DATA LISTING Block Start

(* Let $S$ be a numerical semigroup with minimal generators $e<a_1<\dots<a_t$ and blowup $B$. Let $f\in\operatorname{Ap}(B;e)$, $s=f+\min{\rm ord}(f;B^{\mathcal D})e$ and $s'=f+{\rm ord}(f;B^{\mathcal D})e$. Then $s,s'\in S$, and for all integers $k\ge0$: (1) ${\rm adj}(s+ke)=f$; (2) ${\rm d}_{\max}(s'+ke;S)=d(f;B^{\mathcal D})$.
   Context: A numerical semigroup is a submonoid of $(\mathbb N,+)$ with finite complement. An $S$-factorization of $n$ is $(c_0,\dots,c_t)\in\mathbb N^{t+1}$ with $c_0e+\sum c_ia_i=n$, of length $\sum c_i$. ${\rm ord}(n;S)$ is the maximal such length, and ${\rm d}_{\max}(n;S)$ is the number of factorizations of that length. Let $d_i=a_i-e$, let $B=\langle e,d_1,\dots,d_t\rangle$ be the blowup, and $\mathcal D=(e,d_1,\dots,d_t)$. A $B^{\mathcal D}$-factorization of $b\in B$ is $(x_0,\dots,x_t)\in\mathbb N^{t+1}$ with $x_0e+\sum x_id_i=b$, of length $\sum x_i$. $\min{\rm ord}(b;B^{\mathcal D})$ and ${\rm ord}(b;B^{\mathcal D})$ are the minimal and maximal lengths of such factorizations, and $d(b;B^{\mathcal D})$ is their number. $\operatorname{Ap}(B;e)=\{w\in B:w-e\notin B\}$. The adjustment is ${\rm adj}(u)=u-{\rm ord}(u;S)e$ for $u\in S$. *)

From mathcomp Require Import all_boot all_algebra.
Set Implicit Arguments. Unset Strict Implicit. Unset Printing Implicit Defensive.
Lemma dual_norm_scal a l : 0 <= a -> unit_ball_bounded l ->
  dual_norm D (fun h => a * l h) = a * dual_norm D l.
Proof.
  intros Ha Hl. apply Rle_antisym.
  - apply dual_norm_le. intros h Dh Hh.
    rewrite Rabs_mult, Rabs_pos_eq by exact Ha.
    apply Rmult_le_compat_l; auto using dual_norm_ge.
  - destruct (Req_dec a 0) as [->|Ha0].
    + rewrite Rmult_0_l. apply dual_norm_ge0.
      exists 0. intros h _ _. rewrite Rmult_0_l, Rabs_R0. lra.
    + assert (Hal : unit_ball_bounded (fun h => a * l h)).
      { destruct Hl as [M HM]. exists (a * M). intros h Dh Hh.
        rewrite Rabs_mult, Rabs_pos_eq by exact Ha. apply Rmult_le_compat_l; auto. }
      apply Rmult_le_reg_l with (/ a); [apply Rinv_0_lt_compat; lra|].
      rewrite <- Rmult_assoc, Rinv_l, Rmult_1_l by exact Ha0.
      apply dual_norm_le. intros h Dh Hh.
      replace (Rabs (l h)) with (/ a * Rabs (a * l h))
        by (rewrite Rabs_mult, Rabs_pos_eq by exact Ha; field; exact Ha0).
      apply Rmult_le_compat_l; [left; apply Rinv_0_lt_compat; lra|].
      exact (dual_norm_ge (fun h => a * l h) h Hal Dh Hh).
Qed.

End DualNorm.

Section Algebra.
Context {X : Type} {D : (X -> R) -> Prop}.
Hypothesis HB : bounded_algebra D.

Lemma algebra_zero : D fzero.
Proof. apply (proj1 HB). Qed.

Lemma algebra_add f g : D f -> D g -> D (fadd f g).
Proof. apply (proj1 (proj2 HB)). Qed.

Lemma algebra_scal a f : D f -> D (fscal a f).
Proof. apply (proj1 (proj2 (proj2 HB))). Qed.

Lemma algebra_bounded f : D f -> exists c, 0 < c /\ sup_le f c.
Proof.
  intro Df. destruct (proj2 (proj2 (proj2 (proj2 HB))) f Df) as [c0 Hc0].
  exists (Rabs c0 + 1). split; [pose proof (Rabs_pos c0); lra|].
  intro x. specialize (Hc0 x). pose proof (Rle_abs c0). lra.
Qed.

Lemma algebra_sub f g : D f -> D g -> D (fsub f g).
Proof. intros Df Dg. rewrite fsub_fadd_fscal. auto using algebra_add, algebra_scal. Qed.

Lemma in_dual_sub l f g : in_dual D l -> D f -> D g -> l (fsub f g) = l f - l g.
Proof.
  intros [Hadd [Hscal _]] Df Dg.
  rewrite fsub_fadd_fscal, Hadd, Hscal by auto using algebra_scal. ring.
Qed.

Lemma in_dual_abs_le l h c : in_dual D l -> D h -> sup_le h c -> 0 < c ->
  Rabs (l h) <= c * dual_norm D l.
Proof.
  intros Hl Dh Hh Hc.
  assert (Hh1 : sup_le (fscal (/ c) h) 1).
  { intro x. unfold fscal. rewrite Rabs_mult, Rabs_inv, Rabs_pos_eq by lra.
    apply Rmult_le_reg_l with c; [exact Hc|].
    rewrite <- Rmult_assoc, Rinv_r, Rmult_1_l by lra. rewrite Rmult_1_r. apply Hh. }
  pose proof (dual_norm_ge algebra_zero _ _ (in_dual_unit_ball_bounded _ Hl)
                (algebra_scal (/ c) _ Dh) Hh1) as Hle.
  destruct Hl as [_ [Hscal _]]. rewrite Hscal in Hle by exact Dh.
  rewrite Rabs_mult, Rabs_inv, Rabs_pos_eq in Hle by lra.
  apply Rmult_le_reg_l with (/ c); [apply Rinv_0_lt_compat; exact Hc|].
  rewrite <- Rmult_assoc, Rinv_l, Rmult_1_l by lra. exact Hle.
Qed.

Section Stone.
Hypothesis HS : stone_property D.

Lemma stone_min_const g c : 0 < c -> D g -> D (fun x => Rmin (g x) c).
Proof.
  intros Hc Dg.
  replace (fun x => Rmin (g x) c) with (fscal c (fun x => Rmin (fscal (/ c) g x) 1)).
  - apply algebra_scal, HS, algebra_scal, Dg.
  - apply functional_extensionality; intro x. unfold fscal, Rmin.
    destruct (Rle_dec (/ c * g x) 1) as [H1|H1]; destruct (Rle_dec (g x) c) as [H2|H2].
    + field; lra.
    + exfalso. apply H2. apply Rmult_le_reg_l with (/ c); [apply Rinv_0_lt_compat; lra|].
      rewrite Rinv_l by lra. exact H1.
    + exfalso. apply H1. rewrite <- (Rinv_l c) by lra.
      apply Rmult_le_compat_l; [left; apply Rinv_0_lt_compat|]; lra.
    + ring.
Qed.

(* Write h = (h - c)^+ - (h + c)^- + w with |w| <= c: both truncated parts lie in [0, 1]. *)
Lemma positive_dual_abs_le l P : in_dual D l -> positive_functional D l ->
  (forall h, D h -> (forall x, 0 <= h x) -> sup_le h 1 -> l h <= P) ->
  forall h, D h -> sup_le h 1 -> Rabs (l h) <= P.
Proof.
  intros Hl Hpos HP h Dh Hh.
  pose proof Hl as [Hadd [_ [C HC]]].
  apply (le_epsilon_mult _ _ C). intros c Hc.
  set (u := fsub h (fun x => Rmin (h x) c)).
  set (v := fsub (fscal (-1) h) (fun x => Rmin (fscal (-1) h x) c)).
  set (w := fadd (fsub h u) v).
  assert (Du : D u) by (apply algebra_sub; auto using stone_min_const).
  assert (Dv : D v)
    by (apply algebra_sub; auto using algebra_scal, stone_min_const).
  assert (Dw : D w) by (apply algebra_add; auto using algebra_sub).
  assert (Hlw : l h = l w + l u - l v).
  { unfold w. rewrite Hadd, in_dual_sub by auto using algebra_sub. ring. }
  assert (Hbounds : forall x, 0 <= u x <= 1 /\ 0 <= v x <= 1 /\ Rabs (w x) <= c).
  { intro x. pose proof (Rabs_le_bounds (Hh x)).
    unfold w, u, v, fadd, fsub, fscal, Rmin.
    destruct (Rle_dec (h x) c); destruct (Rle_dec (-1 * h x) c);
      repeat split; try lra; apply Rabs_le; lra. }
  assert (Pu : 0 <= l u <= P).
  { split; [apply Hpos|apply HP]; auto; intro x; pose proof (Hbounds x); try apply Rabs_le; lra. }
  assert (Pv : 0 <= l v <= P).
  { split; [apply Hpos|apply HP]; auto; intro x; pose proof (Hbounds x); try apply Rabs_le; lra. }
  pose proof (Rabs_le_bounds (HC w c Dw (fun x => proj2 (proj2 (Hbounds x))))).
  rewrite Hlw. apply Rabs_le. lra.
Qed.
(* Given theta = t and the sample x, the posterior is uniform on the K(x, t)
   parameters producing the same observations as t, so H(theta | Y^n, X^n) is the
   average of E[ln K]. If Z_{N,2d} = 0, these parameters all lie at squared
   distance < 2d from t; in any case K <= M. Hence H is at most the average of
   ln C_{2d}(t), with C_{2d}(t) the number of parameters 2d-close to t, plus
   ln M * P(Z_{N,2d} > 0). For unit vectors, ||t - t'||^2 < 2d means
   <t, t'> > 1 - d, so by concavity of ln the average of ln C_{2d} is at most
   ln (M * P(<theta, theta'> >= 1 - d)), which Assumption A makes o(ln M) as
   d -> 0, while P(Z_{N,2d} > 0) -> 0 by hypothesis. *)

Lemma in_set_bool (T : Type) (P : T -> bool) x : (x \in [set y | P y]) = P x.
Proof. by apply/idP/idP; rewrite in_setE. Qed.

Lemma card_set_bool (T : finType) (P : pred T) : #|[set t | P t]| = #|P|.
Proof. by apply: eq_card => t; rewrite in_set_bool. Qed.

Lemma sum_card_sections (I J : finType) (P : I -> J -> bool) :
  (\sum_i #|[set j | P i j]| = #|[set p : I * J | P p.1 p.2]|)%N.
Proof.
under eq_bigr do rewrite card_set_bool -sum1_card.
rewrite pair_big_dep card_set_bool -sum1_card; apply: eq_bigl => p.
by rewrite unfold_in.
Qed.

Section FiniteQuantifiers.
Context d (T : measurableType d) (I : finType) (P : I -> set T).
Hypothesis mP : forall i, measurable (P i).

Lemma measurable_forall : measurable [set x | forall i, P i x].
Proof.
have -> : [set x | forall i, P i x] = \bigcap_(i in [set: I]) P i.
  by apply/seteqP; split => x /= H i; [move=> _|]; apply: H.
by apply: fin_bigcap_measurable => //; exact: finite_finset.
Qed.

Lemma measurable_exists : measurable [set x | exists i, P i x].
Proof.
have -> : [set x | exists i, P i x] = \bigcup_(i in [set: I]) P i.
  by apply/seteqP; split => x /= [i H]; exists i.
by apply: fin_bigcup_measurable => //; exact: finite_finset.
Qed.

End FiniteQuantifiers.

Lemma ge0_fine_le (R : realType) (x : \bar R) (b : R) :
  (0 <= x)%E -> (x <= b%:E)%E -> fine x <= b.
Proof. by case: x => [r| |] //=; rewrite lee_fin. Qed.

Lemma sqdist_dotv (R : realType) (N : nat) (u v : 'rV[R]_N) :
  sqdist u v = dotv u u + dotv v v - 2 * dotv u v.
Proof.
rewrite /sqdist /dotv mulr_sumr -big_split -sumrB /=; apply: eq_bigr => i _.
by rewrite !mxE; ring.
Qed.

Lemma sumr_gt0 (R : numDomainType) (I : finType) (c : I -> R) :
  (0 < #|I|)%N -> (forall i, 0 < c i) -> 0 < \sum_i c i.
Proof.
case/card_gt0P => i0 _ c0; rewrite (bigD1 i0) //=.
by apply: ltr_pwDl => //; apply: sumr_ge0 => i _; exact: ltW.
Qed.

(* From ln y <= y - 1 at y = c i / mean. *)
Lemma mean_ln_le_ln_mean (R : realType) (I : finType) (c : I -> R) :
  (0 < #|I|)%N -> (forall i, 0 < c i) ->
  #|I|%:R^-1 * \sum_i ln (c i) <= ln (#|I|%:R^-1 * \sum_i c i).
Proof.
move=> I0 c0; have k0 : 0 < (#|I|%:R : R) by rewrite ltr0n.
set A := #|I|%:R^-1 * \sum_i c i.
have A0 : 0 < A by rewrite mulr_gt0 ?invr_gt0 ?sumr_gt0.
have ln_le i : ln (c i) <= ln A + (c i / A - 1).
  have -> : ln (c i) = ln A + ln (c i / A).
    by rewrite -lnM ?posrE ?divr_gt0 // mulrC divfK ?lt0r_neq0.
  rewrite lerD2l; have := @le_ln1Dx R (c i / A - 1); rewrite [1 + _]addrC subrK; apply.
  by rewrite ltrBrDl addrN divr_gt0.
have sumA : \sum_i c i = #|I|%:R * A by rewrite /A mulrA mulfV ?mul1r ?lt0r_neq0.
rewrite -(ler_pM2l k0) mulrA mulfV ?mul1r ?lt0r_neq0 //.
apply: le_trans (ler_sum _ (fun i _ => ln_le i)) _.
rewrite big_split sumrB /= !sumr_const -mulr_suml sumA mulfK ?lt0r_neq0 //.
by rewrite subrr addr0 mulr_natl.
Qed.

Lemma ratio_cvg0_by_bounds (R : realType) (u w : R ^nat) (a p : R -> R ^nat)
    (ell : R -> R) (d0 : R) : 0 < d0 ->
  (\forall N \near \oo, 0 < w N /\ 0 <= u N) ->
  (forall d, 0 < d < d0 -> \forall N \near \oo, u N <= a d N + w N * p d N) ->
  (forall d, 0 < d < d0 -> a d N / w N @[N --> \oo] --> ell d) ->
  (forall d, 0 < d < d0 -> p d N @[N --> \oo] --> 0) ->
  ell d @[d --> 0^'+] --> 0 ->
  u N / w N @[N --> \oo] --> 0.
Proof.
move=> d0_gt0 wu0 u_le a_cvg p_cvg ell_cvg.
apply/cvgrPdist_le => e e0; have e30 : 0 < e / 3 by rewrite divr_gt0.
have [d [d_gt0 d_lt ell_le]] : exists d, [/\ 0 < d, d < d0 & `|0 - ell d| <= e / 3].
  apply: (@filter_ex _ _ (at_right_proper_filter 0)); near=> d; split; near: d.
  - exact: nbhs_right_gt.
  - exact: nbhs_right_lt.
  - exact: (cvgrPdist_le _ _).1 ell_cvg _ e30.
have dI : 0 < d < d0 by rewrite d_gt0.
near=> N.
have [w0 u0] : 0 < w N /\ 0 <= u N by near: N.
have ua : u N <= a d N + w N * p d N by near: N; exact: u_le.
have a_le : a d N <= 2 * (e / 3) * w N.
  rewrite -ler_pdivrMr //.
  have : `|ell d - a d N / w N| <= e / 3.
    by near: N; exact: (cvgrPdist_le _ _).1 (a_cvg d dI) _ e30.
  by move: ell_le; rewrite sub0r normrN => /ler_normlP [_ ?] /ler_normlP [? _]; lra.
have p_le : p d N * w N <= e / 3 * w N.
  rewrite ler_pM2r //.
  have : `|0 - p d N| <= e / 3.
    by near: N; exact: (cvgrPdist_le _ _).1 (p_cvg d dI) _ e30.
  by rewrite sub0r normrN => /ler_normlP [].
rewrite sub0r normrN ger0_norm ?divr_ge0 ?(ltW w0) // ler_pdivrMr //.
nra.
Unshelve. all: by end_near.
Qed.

DATA LISTING Block End

* WHAT YOU ARE ASKED TO DO:
Nothing but the lines from the one containing "by rewrite sub0r normrN => /ler_normlP []." through the final line of the listing above belongs in the answer; set them down exactly.

* TASK RESULT:
  by rewrite sub0r normrN => /ler_normlP [].
rewrite sub0r normrN ger0_norm ?divr_ge0 ?(ltW w0) // ler_pdivrMr //.
nra.
Unshelve. all: by end_near.
Qed.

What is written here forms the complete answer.